Border Wall Update – What the Pentagon’s new border wall funding will do 

Bottom Line: Late last week the Pentagon announced they’d re-allocated $1.5 billion additional dollars to aid the construction of the “border wall” on our southern border along with additional funds to replace exiting border barriers still in need of repair. What the heck does all this mean? Let’s look...

In February, in the wake of the budget deal that ended the partial government shutdown and provided $1.375 billion worth of new “wall”, I provided you with this update. 

  • The US currently has 654 miles of physical barriers on the southern border  
  • Work is ongoing to replace 280 miles of the existing border wall/fencing.

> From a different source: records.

(* Assume $a_j\ge0$ for all $j$. Let $M>0$, $\ell\ge0$, let $x\in X_{<M}$, and let $v\in\Lambda_x\setminus\{0\}$ satisfy $\|va^n\|\le 1/M$ for all $n\in\{1,\dots,\ell+1\}$. For each $j$ define $s_j\in[-\infty,\infty]$ by $|v_j''|=|v_j'|e^{s_j}$, and let $\mathcal L=\{j:s_j\le0\}$, $\mathcal C=\{j:0<s_j\le(\ell+1)a_j\}$, $\mathcal R=\{j:s_j>(\ell+1)a_j\}$. Then $$(\ell+1)\Bigl(\sum_{j\in\mathcal L}a_j\delta_j+\sum_{j\in\mathcal C}a_j\delta_j-\sum_{j\in\mathcal R}a_j\delta_j\Bigr)<2\sum_{j\in\mathcal C}s_j\delta_j.$$
   Context: Setup. Let $F$ be an algebraic number field with ring of integers $\mathcal O$, real embeddings $\sigma_1,\dots,\sigma_r$ and complex embeddings $\sigma_{r+1},\dots,\sigma_{r+s}$ (one from each conjugate pair). Let $G=\prod_{j=1}^r\mathrm{SL}_2(\mathbb R)\times\prod_{j=1}^s\mathrm{SL}_2(\mathbb C)$ and $\Gamma=\mathrm{SL}_2(\mathcal O)$, embedded in $G$ via $\gamma\mapsto(\sigma_1(\gamma),\dots,\sigma_{r+s}(\gamma))$ (entrywise); $X=\Gamma\backslash G$. Fix a diagonal element $a=\bigl(\mathrm{diag}(e^{i\theta_j}e^{a_j/2},e^{-i\theta_j}e^{-a_j/2})\bigr)_{j=1}^{r+s}\in G$ with $a_j\in\mathbb R$, $\theta_j\in[0,2\pi]$, $\theta_1=\dots=\theta_r=0$. Set $\delta_j=1$ for $j\le r$, $\delta_j=2$ for $j>r$. Vectors in $(\mathbb R^2)^r\times(\mathbb C^2)^s$ are written $v=(v_1',v_1'')\times\cdots\times(v_{r+s}',v_{r+s}'')$; $\mathcal O$ acts by $\lambda\cdot v=(\sigma_j(\lambda)v_j',\sigma_j(\lambda)v_j'')_j$, $G$ acts on the right componentwise (row vector times matrix), so $va^n$ has components $(v_j'e^{in\theta_j}e^{na_j/2},\,v_j''e^{-in\theta_j}e^{-na_j/2})$. A point $x=\Gamma g$ is identified with the $\mathcal O$-module $\Lambda_x$ generated by the two rows of $g$. Define $|(v_j',v_j'')|=\max\{|v_j'|,|v_j''|\}$, $\|v\|=\prod_j|(v_j',v_j'')|^{\delta_j}$, $\mathrm{ht}(x)=\max\{\|v\|^{-1}:v\in\Lambda_x\setminus\{0\}\}$, $X_{<M}=\{x:\mathrm{ht}(x)<M\}$. *)

(* The number field F is a MathComp [fieldExtType rat]
   (finite-dimensional field extension of Q); everything analytic (the group G,
   exponentials, norms, heights) is done with Stdlib's real numbers R,
   with complex numbers modelled as pairs of reals. *)
From Stdlib Require Import Reals.
From HB Require Import structures.
From mathcomp Require Import all_boot all_order all_algebra all_field.

Set Implicit Arguments.
Unset Strict Implicit.
Unset Printing Implicit Defensive.

Record CC := mkCC { cre : R ; cim : R }.

Local Open Scope R_scope.

Definition C0 : CC := mkCC 0 0.
Definition C1 : CC := mkCC 1 0.
Definition Cadd (z w : CC) : CC := mkCC (cre z + cre w) (cim z + cim w).
Definition Cmul (z w : CC) : CC :=
  mkCC (cre z * cre w - cim z * cim w) (cre z * cim w + cim z * cre w).
Definition Cconj (z : CC) : CC := mkCC (cre z) (- cim z).
Definition Cmod (z : CC) : R := sqrt (cre z ^ 2 + cim z ^ 2).
Definition Creal (x : R) : CC := mkCC x 0.
Definition Cexpi (t : R) : CC := mkCC (cos t) (sin t).

Definition ring_emb (L : fieldExtType rat) (f : L -> CC) : Prop :=
  f (GRing.one L) = C1 /\
  (forall x y : L, f (GRing.add x y) = Cadd (f x) (f y)) /\
  (forall x y : L, f (GRing.mul x y) = Cmul (f x) (f y)).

33.8% of the entire southern border had a physical barrier before the additional $1.4 billion. This is what that money was/is being used to do.

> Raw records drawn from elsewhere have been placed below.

Lemma hodge_inv_simple_mass k m n (e : (k + m = n)%N) (e' : (m + k = n)%N) :
  simple_mass_preserving (hodge_inv (R := R) e e').
Proof.
move=> d V /scale_wedge_neq0 [d0 Vfree].
have [W VW Wfree] := exists_orthocomplement e' Vfree.
have WV := mulmx_tr_eq0C VW.
have a0 := det_stackmx_orth_neq0 e Wfree Vfree WV.
have g0 : \det (W *m W^T) != 0 by rewrite gt_eqF ?gram_det_gt0.
set g := \det (W *m W^T) in g0 *; set a := \det (stackmx e W V) in a0 *.
set c := d * (a / g).
have dE : d = c * (g / a) by rewrite /c; field; apply/andP.
exists c, W; split; last by rewrite [in RHS]dE smass_hodge.
by rewrite dE -scalerA -(hodge_wedge WV a0) -linearZ hodgeK.
Qed.

End SimpleVectors.

Lemma kvec_basis_decomp (R : realType) n k (x : kvec R n k) :
  x = \sum_(S : ksub n k) x S *: wedge (basis_rows R S).
Proof.
apply/ffunP => S; rewrite sum_ffunE (bigD1 S) //= big1 => [|S' S'S].
  by rewrite wedge_basis_rows !ffunE eqxx addr0 [_ *: _]mulr1.
by rewrite wedge_basis_rows !ffunE eq_sym (negbTE S'S) [_ *: _]mulr0.
Qed.

Section PerpIsHodge.
Variable R : realType.
Variables n k : nat.
Hypothesis hk : (k <= n)%N.

Lemma hodge_perp_spec : perp_spec hk (hodge (R := R) (subnKC hk)).
Proof. by split; [exact: linearP | exact: hodge_simple]. Qed.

  • 55 miles of a new “border wall” in the Rio Grande. 

At the end of construction 36.6% of the southern border would have a wall. So, what’s this latest Pentagon allocation mean for the border wall? Money needed to replace the final stretch of previous border barriers (about 78 miles in Arizona), along with 63 new miles of a border wall. That’s another 3.6% of the southern border that’d have a wall. The estimate for the completion of the project is 126 days. That places us right into a September window. That’s the same timeline that the Rio Grande project is anticipated to be wrapping up and it’s also instructive because...The funding deal signed in earlier this year goes through September – the end of the federal government’s fiscal year. Putting everything that’s happened together – by the end of September we should have just over 40% of the southern border covered with a physical barrier. Just in time for a new budget battle which will likely include requests for money for the next phase of the border wall.